**PROBLEM DESCRIPTION**
Output each entry exactly; skip nothing.

[INFORMATION SUPPLIED — start]

Theorem lemma3p1 (R : fieldType) (C : lmodType R)
    (D : C -> C) (pr : nat -> C -> C -> C)
    (t : bracketing) (a : seq C) (k : seq int) (xn : seq (int * R)) :
  [pchar R] =i pred0 ->
  is_conformal D pr ->
  size a = leaves t ->
  size k = (leaves t).-1 ->
  let n := leaves t in
  (* arguments a_1(t^k_1), ..., a_(n-1)(t^k_(n-1)), a_n(x_n) in Coeff C *)
  let args : seq (coeff_el C) :=
    [seq [:: (nth 0 k i, nth 0 a i)] | i <- iota 0 n.-1]
      ++ [:: [seq (q.1, q.2 *: nth 0 a n.-1) | q <- xn]] in
  (* the (s_1,...,s_(n-1))-term of the right-hand side *)
  let term (s : seq nat) : coeff_el C :=
    coeff_scale (\prod_(i < n.-1) gbinom R (nth 0 k i) (nth 0%N s i))
      (Pmap_y s
         [seq ((\sum_(i < n.-1) (nth 0 k i - (nth 0%N s i)%:Z)) + q.1, q.2) | q <- xn]
         (tstar pr t a)) in
  exists N : nat,
    (forall s : seq nat, size s = n.-1 -> (exists2 i, (i < n.-1)%N & (N <= nth 0%N s i)%N) ->
       coeff_eq D (term s) [::]) /\
    coeff_eq D (eval_coeff pr t args) (flatten [seq term s | s <- tuples_below N n.-1]).
Proof.
move=> char0 conf _ _ n args term.
exists (mon_bound (tstar pr t a)); split=> [s size_s out_s|].
  apply: coeff_eq_of_ev => e; rewrite (coeff_ev_rhs_term pr t a (nth 0 k)).
  rewrite Pmap_out_of_range ?size_s // /coeff_ev big_nil big1 // => q _.
  by rewrite !scaler0 if_same.
apply: coeff_eq_of_ev => e.
rewrite (eval_coeff_closed_form conf (k := nth 0 k) (a := a) (xn := xn)).
- exact: (closed_form_rhs_terms pr t a (nth 0 k) xn char0).
- move=> i lt_i e'; rewrite nth_cat size_map size_iota lt_i.
  by rewrite (nth_map 0%N) ?size_iota // nth_iota.
- by move=> e'; rewrite nth_cat size_map size_iota ltnn subnn.
Qed.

[INFORMATION SUPPLIED — finish]

**RESULT**
Theorem lemma3p1 (R : fieldType) (C : lmodType R)
    (D : C -> C) (pr : nat -> C -> C -> C)
    (t : bracketing) (a : seq C) (k : seq int) (xn : seq (int * R)) :
  [pchar R] =i pred0 ->
  is_conformal D pr ->
  size a = leaves t ->
  size k = (leaves t).-1 ->
  let n := leaves t in
  (* arguments a_1(t^k_1), ..., a_(n-1)(t^k_(n-1)), a_n(x_n) in Coeff C *)
  let args : seq (coeff_el C) :=
    [seq [:: (nth 0 k i, nth 0 a i)] | i <- iota 0 n.-1]
      ++ [:: [seq (q.1, q.2 *: nth 0 a n.-1) | q <- xn]] in
  (* the (s_1,...,s_(n-1))-term of the right-hand side *)
  let term (s : seq nat) : coeff_el C :=
    coeff_scale (\prod_(i < n.-1) gbinom R (nth 0 k i) (nth 0%N s i))
      (Pmap_y s
         [seq ((\sum_(i < n.-1) (nth 0 k i - (nth 0%N s i)%:Z)) + q.1, q.2) | q <- xn]
         (tstar pr t a)) in
  exists N : nat,
    (forall s : seq nat, size s = n.-1 -> (exists2 i, (i < n.-1)%N & (N <= nth 0%N s i)%N) ->
       coeff_eq D (term s) [::]) /\
    coeff_eq D (eval_coeff pr t args) (flatten [seq term s | s <- tuples_below N n.-1]).
Proof.
move=> char0 conf _ _ n args term.
exists (mon_bound (tstar pr t a)); split=> [s size_s out_s|].
  apply: coeff_eq_of_ev => e; rewrite (coeff_ev_rhs_term pr t a (nth 0 k)).
  rewrite Pmap_out_of_range ?size_s // /coeff_ev big_nil big1 // => q _.
  by rewrite !scaler0 if_same.
apply: coeff_eq_of_ev => e.
rewrite (eval_coeff_closed_form conf (k := nth 0 k) (a := a) (xn := xn)).
- exact: (closed_form_rhs_terms pr t a (nth 0 k) xn char0).
- move=> i lt_i e'; rewrite nth_cat size_map size_iota lt_i.
  by rewrite (nth_map 0%N) ?size_iota // nth_iota.
- by move=> e'; rewrite nth_cat size_map size_iota ltnn subnn.
Qed.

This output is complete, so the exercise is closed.